ComparisonDF = Denominator(LAname, Year)
ComparisonDF['numerator'] = InputList

In the bottom of the above cell, the function that was written is called using the year and LA selected in dropdowns and added to the Comparison DF, then the input data is added as the numerator column. This follows the naming convention from the original disproportionality tool. The following cell performs calculations to get population totals of all students in the census, and all students who are not White British for both input and DfE census data. It does this by summing all rows in the Comparison DF in a given column and given row indecies. 

In [None]:
#  Sums all non-White-British students from input data, slicing dataframe using correspoinding indexes and column.
TotalMinoritySGnumerator = ComparisonDF['numerator'].iloc[1:18].sum()

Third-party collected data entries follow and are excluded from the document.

(* In the setting of the context, for all integers $m\ge1$ and $n\ge0$, $$\alpha(A_{n+m-1}A_{n+m-2}\cdots A_n)\ \ge\ \gamma(1-\gamma)^{m-1}\,\mathcal G_{[n,n+m)}.$$
   Context: Let $N\ge2$, $d\ge1$, $\mathcal N=\{1,\dots,N\}$, $\gamma\in(0,1)$. For each nonempty $S\subseteq\mathcal N$ and $j\in\mathcal N$ let $\omega_{S,j}:(\mathbb R^d)^N\to[0,\infty)$ satisfy $\sum_{j\in S}\omega_{S,j}(X)=1$ and $\omega_{S,j}(X)=0$ for $j\notin S$. For each time $r\ge0$ let $\{[i]_r:i\in\mathcal N\}$ be a partition of $\mathcal N$ ($[i]_r$ the block containing $i$) and $X_r\in(\mathbb R^d)^N$ a state. Let $W_r:=(\omega_{[i]_r,j}(X_r))_{i,j}$ and $A_r:=(1-\gamma)I_N+\gamma W_r$. For $n\ge0,m\ge1$ set $\mathcal T^{ij}_{[n,n+m)}:=\{r: n\le r<n+m,\ [i]_r=[j]_r\}$ and $\mathcal G_{[n,n+m)}:=\min_{i,j\in\mathcal N}|\mathcal T^{ij}_{[n,n+m)}|$. The ergodicity coefficient of $A=(a_{ij})$ is $\alpha(A):=\min_{i,j}\sum_{k}\min\{a_{ik},a_{jk}\}$. *)

From HB Require Import structures.
From mathcomp Require Import all_boot all_order all_algebra.
Set Implicit Arguments. Unset Strict Implicit. Unset Printing Implicit Defensive.
Import Order.TTheory GRing.Theory Num.Theory.
Local Open Scope ring_scope.

(* Minimum of a finite list of reals (the list below is always nonempty). *)
Definition seqminr (R : realFieldType) (s : seq R) : R :=
  foldr Num.min (head 0 s) s.

Definition ergco (R : realFieldType) (n : nat) (A : 'M[R]_n) : R :=
  seqminr [seq \sum_(k < n) Num.min (A i k) (A j k)
          | i <- enum 'I_n, j <- enum 'I_n].

Definition blk (N : nat) (P : {set {set 'I_N}}) (i : 'I_N) : {set 'I_N} :=
  pblock P i.

Definition Wmat (R : realFieldType) (N d : nat)
  (omega : {set 'I_N} -> 'I_N -> ('I_N -> 'rV[R]_d) -> R)
  (P : {set {set 'I_N}}) (X : 'I_N -> 'rV[R]_d) : 'M[R]_N :=
  \matrix_(i, j) omega (blk P i) j X.

Definition Amat (R : realFieldType) (N d : nat)
  (omega : {set 'I_N} -> 'I_N -> ('I_N -> 'rV[R]_d) -> R) (gamma : R)
  (P : {set {set 'I_N}}) (X : 'I_N -> 'rV[R]_d) : 'M[R]_N :=
  (1 - gamma)%:M + gamma *: Wmat omega P X.

(* prodA A n m = A (n+m-1) *m ... *m A n  (identity if m = 0) *)
Fixpoint prodA (R : realFieldType) (N : nat) (A : nat -> 'M[R]_N) (n m : nat)
  : 'M[R]_N :=
  match m with
  | 0 => 1%:M
  | m'.+1 => A (n + m') *m prodA A n m'
  end.

Definition Tcount (N : nat) (part : nat -> {set {set 'I_N}}) (n m : nat)
  (i j : 'I_N) : nat :=
  count (fun r => blk (part r) i == blk (part r) j) (iota n m).

Definition Gmin (N : nat) (part : nat -> {set {set 'I_N}}) (n m : nat) : nat :=
  let s := [seq Tcount part n m i j | i <- enum 'I_N, j <- enum 'I_N] in
  foldr minn (head 0%N s) s.

From HB Require Import structures.
From mathcomp Require Import all_boot all_order all_algebra.
Import Order.TTheory GRing.Theory Num.Theory.
Local Open Scope ring_scope.

(* Each factor is a lazy averaging matrix A_r = (1-g) I + g W_r
   with W_r nonnegative and row-stochastic.  Expanding the product
   B_m = A_{n+m-1} ... A_n one factor at a time shows, entrywise,
     B_m >= (1-g)^m on the diagonal, and
     B_{m+1} >= g (1-g)^m (W_n + ... + W_{n+m}),
   i.e. every factor W_r survives in the product with weight g (1-g)^m.
   Rows i and j of W_r coincide whenever i and j lie in the same block at
   time r; summing min(B_ik, B_jk) over k then collects a full unit of row
   mass g (1-g)^m for each such time r, giving the bound with |T^{ij}|. *)

Lemma seqminr_ge (R : realFieldType) (x : R) (s : seq R) :
  s != [::] -> (forall y, y \in s -> x <= y) -> x <= seqminr s.
Proof.
case: s => [//|a s] _ lb; rewrite /seqminr /=.
have xa : x <= a by apply: lb; rewrite mem_head.
have lb_s y : y \in s -> x <= y by move=> ys; apply: lb; rewrite inE ys orbT.
rewrite le_min xa /=; elim: s lb_s {lb} => [|y s IH] lb_s //=.
rewrite le_min lb_s ?mem_head // IH // => z zs.
by apply: lb_s; rewrite inE zs orbT.
Qed.

Lemma foldr_minn_le (a y : nat) (s : seq nat) :
  y \in s -> (foldr minn a s <= y)%N.
Proof.
elim: s => [//|z s IH] /=; rewrite in_cons => /orP [/eqP ->|ys].
  exact: geq_minl.
exact: leq_trans (geq_minr _ _) (IH ys).
Qed.

Lemma ergco_ge (R : realFieldType) (N : nat) (A : 'M[R]_N) (x : R) :
  (0 < N)%N ->
  (forall i j, x <= \sum_k Num.min (A i k) (A j k)) -> x <= ergco A.
Proof.
move=> N_gt0 lb; apply: seqminr_ge => [|y /allpairsP [[i j] [_ _ ->]] //].
set i0 : 'I_N := Ordinal N_gt0.
apply/eqP => pairs_nil.
have : \sum_k Num.min (A i0 k) (A i0 k) \in [::].
  by rewrite -pairs_nil; apply/allpairsP; exists (i0, i0); rewrite !mem_enum.
by [].
Qed.

Lemma Gmin_le_Tcount (N : nat) (part : nat -> {set {set 'I_N}}) (n m : nat)
    (i j : 'I_N) :
  (Gmin part n m <= Tcount part n m i j)%N.
Proof.
by apply: foldr_minn_le; apply/allpairsP; exists (i, j); rewrite !mem_enum.
Qed.

Section LazyProducts.
Variables (R : realFieldType) (N : nat) (gamma : R) (W : nat -> 'M[R]_N).
Hypotheses (gamma_ge0 : 0 <= gamma) (gamma_lt1 : gamma < 1).
Hypothesis W_ge0 : forall r i k, 0 <= W r i k.

Let A (r : nat) : 'M[R]_N := (1 - gamma)%:M + gamma *: W r.

Let lazy_gt0 : 0 < 1 - gamma. Proof. by rewrite subr_gt0. Qed.
Let lazy_ge0 : 0 <= 1 - gamma. Proof. exact: ltW. Qed.

Lemma lazy_mulE r (B : 'M[R]_N) i k :
  (A r *m B) i k = (1 - gamma) * B i k + gamma * \sum_l W r i l * B l k.
Proof. by rewrite mulmxDl mul_scalar_mx -scalemxAl !mxE. Qed.

Lemma prodA_ge0 n m i k : 0 <= prodA A n m i k.
Proof.
elim: m i k => [|m IH] i k /=; first by rewrite mxE ler0n.
rewrite lazy_mulE addr_ge0 ?mulr_ge0 ?IH //.
by apply: sumr_ge0 => l _; rewrite mulr_ge0.
Qed.

(* The lazy part keeps the diagonal of the product at least (1-g)^m. *)
Lemma prodA_diag n m k : (1 - gamma) ^+ m <= prodA A n m k k.
Proof.
elim: m => [|m IH] /=; first by rewrite mxE eqxx.
rewrite lazy_mulE exprS ler_wpDr ?ler_wpM2l //.
by rewrite mulr_ge0 // sumr_ge0 // => l _; rewrite mulr_ge0 ?prodA_ge0.
Qed.

(* Every factor W_r contributes to the product with weight g (1-g)^m; the
   extra factor (1-g) on the right makes the induction uniform in m. *)
Lemma prodA_ge_sum n m i k :
  gamma * (1 - gamma) ^+ m * \sum_(r <- iota n m) W r i k
    <= (1 - gamma) * prodA A n m i k.
Proof.
elim: m i k => [|m IH] i k; first by rewrite big_nil mulr0 mulr_ge0 ?prodA_ge0.
rewrite -addn1 iotaD big_cat big_seq1 addn1 /= lazy_mulE !mulrDr.
apply: lerD; first by rewrite exprS mulrCA -mulrA ler_wpM2l // mulrA IH.
have diag_term : W (n + m) i k * prodA A n m k k
    <= \sum_l W (n + m) i l * prodA A n m l k.
  rewrite (bigD1 k) //= lerDl sumr_ge0 // => l _.
  by rewrite mulr_ge0 ?prodA_ge0.
rewrite exprS -!mulrA mulrCA !ler_wpM2l // (le_trans _ diag_term) //.
by rewrite mulrC ler_wpM2l ?W_ge0 ?prodA_diag.
Qed.

Lemma prodA_lower n m i k :
  gamma * (1 - gamma) ^+ m * \sum_(r <- iota n m.+1) W r i k
    <= prodA A n m.+1 i k.
Proof.
rewrite -(ler_pM2l lazy_gt0) (le_trans _ (prodA_ge_sum n m.+1 i k)) //.
by rewrite exprS !mulrA (mulrC (1 - gamma) gamma).
Qed.

End LazyProducts.

Lemma row_overlap_ge (R : realFieldType) (N : nat) (W : nat -> 'M[R]_N)
    (M : 'M[R]_N) (c : R) (s : seq nat) (P : pred nat) (i j : 'I_N) :
  0 <= c -> (forall r l k, 0 <= W r l k) ->
  (forall r l, \sum_k W r l k = 1) ->
  (forall r k, P r -> W r i k = W r j k) ->
  (forall l k, c * \sum_(r <- s) W r l k <= M l k) ->
  c * (count P s)%:R <= \sum_k Num.min (M i k) (M j k).
Proof.
move=> c_ge0 W_ge0 W_sum sameP dom.
have filter_le l k : \sum_(r <- s | P r) W r l k <= \sum_(r <- s) W r l k.
  by rewrite [leLHS]big_mkcond ler_sum // => r _; case: (P r).
have -> : c * (count P s)%:R = \sum_k c * \sum_(r <- s | P r) W r i k.
  rewrite -mulr_sumr exchange_big /= (eq_bigr (fun _ => 1)) => [|r _].
    by rewrite -sum1_count natr_sum.
  exact: W_sum.
apply: ler_sum => k _; rewrite le_min; apply/andP; split.
  exact: le_trans (ler_wpM2l c_ge0 (filter_le i k)) (dom i k).
rewrite (eq_bigr (fun r => W r j k)) => [|r]; last exact: sameP.
exact: le_trans (ler_wpM2l c_ge0 (filter_le j k)) (dom j k).
Qed.

Section WeightMatrices.
Variables (R : realFieldType) (N d : nat).
Variable omega : {set 'I_N} -> 'I_N -> ('I_N -> 'rV[R]_d) -> R.
Hypothesis omega_ge0 : forall S j X, 0 <= omega S j X.
Hypothesis omega_sum : forall S X, S != set0 -> \sum_(j in S) omega S j X = 1.
Hypothesis omega_out :
  forall S j X, S != set0 -> j \notin S -> omega S j X = 0.
Variables (P : {set {set 'I_N}}) (X : 'I_N -> 'rV[R]_d).
Hypothesis P_partition : partition P [set: 'I_N].

Lemma Wmat_ge0 i k : 0 <= Wmat omega P X i k.
Proof. by rewrite mxE omega_ge0. Qed.

Lemma Wmat_row_sum i : \sum_k Wmat omega P X i k = 1.
Proof.
have blk_i : i \in blk P i.
  rewrite /blk mem_pblock.
  by case/and3P: P_partition => /eqP -> _ _; rewrite inE.
have blk_ne0 : blk P i != set0 by apply/set0Pn; exists i.
rewrite -(omega_sum _ X blk_ne0) [RHS]big_mkcond; apply: eq_bigr => k _.
by rewrite mxE; case: ifPn => // k_out; rewrite omega_out.
Qed.

Lemma Wmat_same_block i j k :
  blk P i = blk P j -> Wmat omega P X i k = Wmat omega P X j k.
Proof. by rewrite !mxE => ->. Qed.

End WeightMatrices.

Theorem lemma3p4 (R : realFieldType) (N d : nat) (hN : (2 <= N)%N) (hd : (1 <= d)%N)
  (gamma : R) (hg0 : 0 < gamma) (hg1 : gamma < 1)
  (omega : {set 'I_N} -> 'I_N -> ('I_N -> 'rV[R]_d) -> R)
  (homega_ge0 : forall S j X, 0 <= omega S j X)
  (homega_sum : forall S X, S != set0 -> \sum_(j in S) omega S j X = 1)
  (homega_out : forall S j X, S != set0 -> j \notin S -> omega S j X = 0)
  (part : nat -> {set {set 'I_N}})
  (hpart : forall r, partition (part r) [set: 'I_N])
  (X : nat -> 'I_N -> 'rV[R]_d)
  (n m : nat) (hm : (1 <= m)%N) :
  ergco (prodA (fun r => Amat omega gamma (part r) (X r)) n m)
    >= gamma * (1 - gamma) ^+ m.-1 * (Gmin part n m)%:R.
Proof.
pose W r := Wmat omega (part r) (X r).
have W_ge0 r i k : 0 <= W r i k by exact: Wmat_ge0 homega_ge0 _ _ _ _.
case: m hm => [//|m] _; rewrite succnK.
set c := gamma * (1 - gamma) ^+ m.
have c_ge0 : 0 <= c by rewrite mulr_ge0 ?exprn_ge0 ?subr_ge0 ?ltW.
apply: ergco_ge => [|i j]; first exact: leq_trans hN.
pose same_block r := blk (part r) i == blk (part r) j.
apply: le_trans _
  (row_overlap_ge _ _ W _ c (iota n m.+1) same_block i j c_ge0 W_ge0 _ _ _).
- by rewrite ler_wpM2l // ler_nat Gmin_le_Tcount.
- by move=> r l; exact: Wmat_row_sum homega_sum homega_out _ _ (hpart r) l.
- by move=> r k /eqP; exact: Wmat_same_block.
- by move=> l k; exact: prodA_lower (ltW hg0) hg1 W_ge0 n m l k.
Qed.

#  Sums all non-White-British students from census data, slicing dataframe using correspoinding indexes and column.
TotalMinoritySGdenominator = ComparisonDF['denominator'].iloc[1:18].sum()

#  Sums all known ethnicity students from input data, slicing dataframe using correspoinding indexes and column.
TotalKnownEthnicityNumerator = ComparisonDF['numerator'].iloc[21:26].sum()

#  Sums all known ethnicity students from census data, slicing dataframe using correspoinding indexes and column.
TotalKnownEthnicityDenominator = ComparisonDF['denominator'].iloc[21:26].sum()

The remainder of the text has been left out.